Wednesday, September 06, 2006

An Expose On Gas Stations

Gas Stations
By Kevin Stith

A retail establishment that sells fuels like petrol and diesel and lubricants for road motor vehicles is called a gas station. Sometimes, vehicles can be not only refueled there, but also serviced and repaired. The increase in the number of automobiles in United States led to the need of the first gas station, which was built in 1907, by Standard Oil of California.

The United States has two types of filling stations: the ones selling premium-branded gas and those selling discount-branded gas. Premium-brand gas includes international brands, like Esso, Mobil, and BP, and non-international brands like Pemex and Petro-Canada. Premium-brand filling stations accept credit cards and have their own company cards, but charge higher prices. The discount-brand stations are smaller regional chains or independent stations that offer cheaper gas. These stations usually accept cash, with only a few accepting credit cards. Gas stations in rural areas allow customers to pump gas first and pay later; however due to the high incidence of crime in urban areas, customers there have to pay first and pump gas after.

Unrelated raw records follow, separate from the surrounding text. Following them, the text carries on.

(* Let $X$ and $Y$ be topological spaces with $Y$ compact, and let $f:\mathrm{Closed}(X)\to\mathrm{Closed}(Y)$ be admissible. Then $X+_fY$ is compact if and only if $f(A)\neq\emptyset$ for every non-compact $A\in\mathrm{Closed}(X)$.
   Context: $\mathrm{Closed}(X)$ is the set of closed subsets of $X$. $f$ is admissible if $f(\emptyset)=\emptyset$ and $f$ preserves finite unions. $X+_fY$ is $X\sqcup Y$ with closed sets the $D$ such that $D\cap X$ is closed in $X$, $D\cap Y$ is closed in $Y$ and $f(D\cap X)\subseteq D$. *)

From HB Require Import structures.
From mathcomp Require Import all_boot all_order all_algebra.
From mathcomp Require Import all_classical all_reals all_analysis.
Set Implicit Arguments. Unset Strict Implicit. Unset Printing Implicit Defensive.
Import Order.TTheory GRing.Theory Num.Theory.
Local Open Scope classical_set_scope.

(* An admissible map f : Closed(X) -> Closed(Y): represented as a function on
   all subsets, of which only the values on closed sets matter. *)
Record admissible (X Y : topologicalType) := Admissible {
  adm_fun :> set X -> set Y;
  adm_closed : forall A, closed A -> closed (adm_fun A);
  adm_set0 : adm_fun set0 = set0;
  adm_setU : forall A B, closed A -> closed B ->
     adm_fun (A `|` B) = adm_fun A `|` adm_fun B
}.

(* Carrier of X +_f Y: the disjoint union X \sqcup Y (depends on f only
   through the topology it will carry). *)
Definition sumf (X Y : topologicalType) (f : admissible X Y) : Type :=
  (X + Y)%type.

Section SumF.
Context (X Y : topologicalType) (f : admissible X Y).

Definition sumf_closed (D : set (X + Y)%type) : Prop :=
  [/\ closed (inl @^-1` D), closed (inr @^-1` D) & f (inl @^-1` D) `<=` inr @^-1` D].

Lemma adm_mono (A B : set X) : closed A -> closed B -> A `<=` B -> f A `<=` f B.
Proof.
move=> cA cB AB; have -> : B = A `|` B by rewrite setUidr.
by rewrite adm_setU //; exact: subsetUl.
Qed.

HB.instance Definition _ := Choice.on (sumf f).

Let op (U : set (sumf f)) := sumf_closed (~` U).

Let opT : op setT.
Proof.
rewrite /op setCT /sumf_closed !preimage_set0; split; try exact: closed0.
by rewrite adm_set0.
Qed.

Let opI : setI_closed op.
Proof.
move=> A B [cA1 cA2 fA] [cB1 cB2 fB]; rewrite /op setCI /sumf_closed !preimage_setU.
split; try exact: closedU.
by rewrite adm_setU //; exact: setUSS.
Qed.

Let op_bigU (I : Type) (g : I -> set (sumf f)) : (forall i, op (g i)) ->
    op (\bigcup_i g i).
Proof.
move=> og; rewrite /op setC_bigcup /sumf_closed !preimage_bigcap.
have c1 : closed (\bigcap_i (inl @^-1` (~` g i))).
  by apply: closed_bigI => i _; have [] := og i.
split => //.
  by apply: closed_bigI => i _; have [] := og i.
move=> y fy i _.
have [ci _ fi] := og i; apply: fi.
by apply: (adm_mono c1 ci) fy => x; apply.
Qed.

HB.instance Definition _ := isOpenTopological.Build (sumf f) opT opI op_bigU.

End SumF.

From mathcomp Require Import all_boot all_order all_algebra.
From mathcomp Require Import all_classical all_reals all_analysis.
Local Open Scope classical_set_scope.

(* If [f A = set0] for a closed [A], then [inl @` A] is closed in [X +_f Y],
   hence compact; compactness transfers back to [A] because every closed [C]
   of [X] is the trace of the closed set [inl @` C `|` inr @` f C].
   Conversely, let [F] be a proper filter on [X +_f Y]. If the closure of some
   member of [F] misses [Y], its trace [K] on [X] is closed with [f K = set0],
   hence compact, and [F] clusters in [inl @` K]. Otherwise the traces on [Y]
   of the closures of the members of [F] form a proper filter base on the
   compact space [Y], whose cluster point is one of [F]. *)

Section CompactTransfer.
Context {T U : topologicalType}.

Lemma compact_image_reflect {g : T -> U} {A : set T} :
  (forall C, closed C -> exists2 D, closed D & g @^-1` D = C) ->
  compact (g @` A) -> compact A.
Proof.
move=> closed_preimage cgA F PF FA.
have PgF : ProperFilter (g @ F) by exact: fmap_proper_filter.
have gFA : F (g @^-1` (g @` A)) by apply: filterS FA => x Ax; exists x.
have [_ [[x Ax <-] clx]] := cgA _ PgF gFA.
exists x; split => //; rewrite clusterE => B FB.
have [D cD gD] := closed_preimage (closure B) (@closed_closure _ B).
rewrite -gD; apply: cD; move: clx; rewrite clusterE; apply.
by rewrite /= /fmap /= gD; apply: filterS FB; exact: subset_closure.
Qed.

Lemma continuous_compact_cluster {g : T -> U} {K : set T} {F : set_system U} :
  continuous g -> compact K -> ProperFilter F ->
  (forall B, F B -> K `&` g @^-1` closure B !=set0) ->
  exists2 x, K x & cluster F (g x).
Proof.
move=> cg cK PF meetK.
pose G := filter_from F (fun B => K `&` g @^-1` closure B).
have FG : Filter G.
  apply: filter_from_filter; first by exists setT; exact: filterT.
  move=> B1 B2 FB1 FB2; exists (B1 `&` B2); first exact: filterI.
  by move=> x [Kx /= clx]; do 2 split => //; apply: closureS clx => ? [].
have PG : ProperFilter G by exact: filter_from_proper.
have GK : G K by exists setT; [exact: filterT | exact: subIsetl].
have [x [Kx clx]] := cK G PG GK.
exists x => //; rewrite clusterE => B FB.
have cB : closed (g @^-1` closure B).
  by move/continuous_closedP: cg; apply; exact: closed_closure.
have : closure (K `&` g @^-1` closure B) x.
  by move: clx; rewrite clusterE; apply; exists B.
by move=> /(closureS (@subIsetr _ K _)) /cB.
Qed.

End CompactTransfer.

Section SumImages.
Context (A B : Type) (SA : set A) (SB : set B).

Lemma preimage_inl_images : inl @^-1` (inl @` SA `|` inr @` SB) = SA.
Proof.
by apply/seteqP; split => [x [[y Ay [<-]]|[y _ //]] //|x Ax]; left; exists x.
Qed.

Lemma preimage_inr_images : inr @^-1` (inl @` SA `|` inr @` SB) = SB.
Proof.
by apply/seteqP; split => [x [[y _ //]|[y By [<-]]] //|x Bx]; right; exists x.
Qed.

End SumImages.

Section SumfTopology.
Context {X Y : topologicalType} (f : admissible X Y).

Lemma closed_sumfP (D : set (sumf f)) : closed D <-> sumf_closed f D.
Proof.
by rewrite -openC; change (sumf_closed f (~` ~` D) <-> sumf_closed f D); rewrite setCK.
Qed.

Lemma sumf_inl_continuous : continuous (inl : X -> sumf f).
Proof. by apply/continuous_closedP => D /closed_sumfP []. Qed.

Lemma sumf_inr_continuous : continuous (inr : Y -> sumf f).
Proof. by apply/continuous_closedP => D /closed_sumfP []. Qed.

Lemma closed_sumf_images (A : set X) (B : set Y) :
  closed A -> closed B -> f A `<=` B ->
  closed (inl @` A `|` inr @` B : set (sumf f)).
Proof.
by move=> cA cB fAB; apply/closed_sumfP; rewrite /sumf_closed
  preimage_inl_images preimage_inr_images.
Qed.

Lemma sumf_closed_hull (C : set X) : closed C ->
  exists2 D : set (sumf f), closed D & (inl : X -> sumf f) @^-1` D = C.
Proof.
move=> cC; exists (inl @` C `|` inr @` f C); last exact: preimage_inl_images.
by apply: closed_sumf_images => //; exact: adm_closed.
Qed.

Lemma closed_sumf_inl_image (A : set X) :
  closed A -> f A = set0 -> closed (inl @` A : set (sumf f)).
Proof.
move=> cA fA0; rewrite -[_ @` A]setU0 -(image_set0 inr).
by apply: closed_sumf_images => //; [exact: closed0 | rewrite fA0].
Qed.

Lemma sumf_cluster_inl {F : set_system (sumf f)} {B0 : set (sumf f)} :
  ProperFilter F -> F B0 -> inr @^-1` closure B0 = set0 ->
  compact (inl @^-1` closure B0) -> exists x, cluster F (inl x).
Proof.
move=> PF FB0 B0Y cptK.
have meetK B : F B -> inl @^-1` closure B0 `&` inl @^-1` closure B !=set0.
  move=> FB; have [[x|y] [B0z Bz]] := filter_ex (filterI FB0 FB).
    by exists x; split; exact: subset_closure.
  have : (inr @^-1` closure B0) y by exact: subset_closure.
  by rewrite B0Y.
have [x _ clx] := continuous_compact_cluster sumf_inl_continuous cptK PF meetK.
by exists x.
Qed.

End SumfTopology.

Theorem mainTheorem12 (X Y : topologicalType) (f : admissible X Y) :
  compact [set: Y] ->
  (compact [set: sumf f] <->
   forall A : set X, closed A -> ~ compact A -> f A <> set0).
Proof.
move=> cY; split.
- move=> cS A cA ncA fA0; apply: ncA.
  apply: (compact_image_reflect (sumf_closed_hull f)).
  by apply: (subclosed_compact _ cS) => //; exact: closed_sumf_inl_image.
- move=> fne F PF _.
  have [[B0 FB0 B0Y]|noB0] :=
    pselect (exists2 B, F B & inr @^-1` closure B = set0 :> set Y).
  + have [cK _ fK] := (closed_sumfP f (closure B0)).1 (@closed_closure _ B0).
    have cptK : compact (inl @^-1` closure B0).
      apply: contrapT => ncK; apply: (fne _ cK ncK).
      by rewrite -subset0 -B0Y.
    have [x clx] := sumf_cluster_inl f PF FB0 B0Y cptK.
    by exists (inl x).
  + have meetY B : F B -> [set: Y] `&` inr @^-1` closure B !=set0.
      move=> FB; rewrite setTI; apply/set0P/negP => /eqP B0; apply: noB0.
      by exists B.
    have [y _ cly] :=
      continuous_compact_cluster (sumf_inr_continuous f) cY PF meetY.
    by exists (inr y).
Qed.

Most of the gas stations in the United States offer a choice between full-service and self-service gas stations. In full-service gas stations, an attendant operates the pump, checks the vehicle’s oil, wipes your car’s windshield, and then collects payment and a small tip. In self-service gas stations, the customer has to pump the gas himself. Until the 1970s, full service was the norm, but nowadays, not all stations offer full service and those that do, charge more for the full-service fueling. Using an open flame in a gas station is strictly forbidden because of the risk of igniting gasoline vapors.

Gas stations usually have toilets; the cleanliness and standards vary with the type of gas station. Many gas stations have convenience stores selling food, beverages, lottery tickets, motor oil, and sometimes auto parts. However, prices here are higher than those in a supermarket or discount store. Depending on state laws, some gas stations also sell wine, beer, and liquor and sometimes even allow the operation of slot and video poker machines. Some gas stations have free or discount-priced car washes, while others have small fast food outlets like McDonald’s, Pizza Hut, or Wendy’s, with limited seating and menus.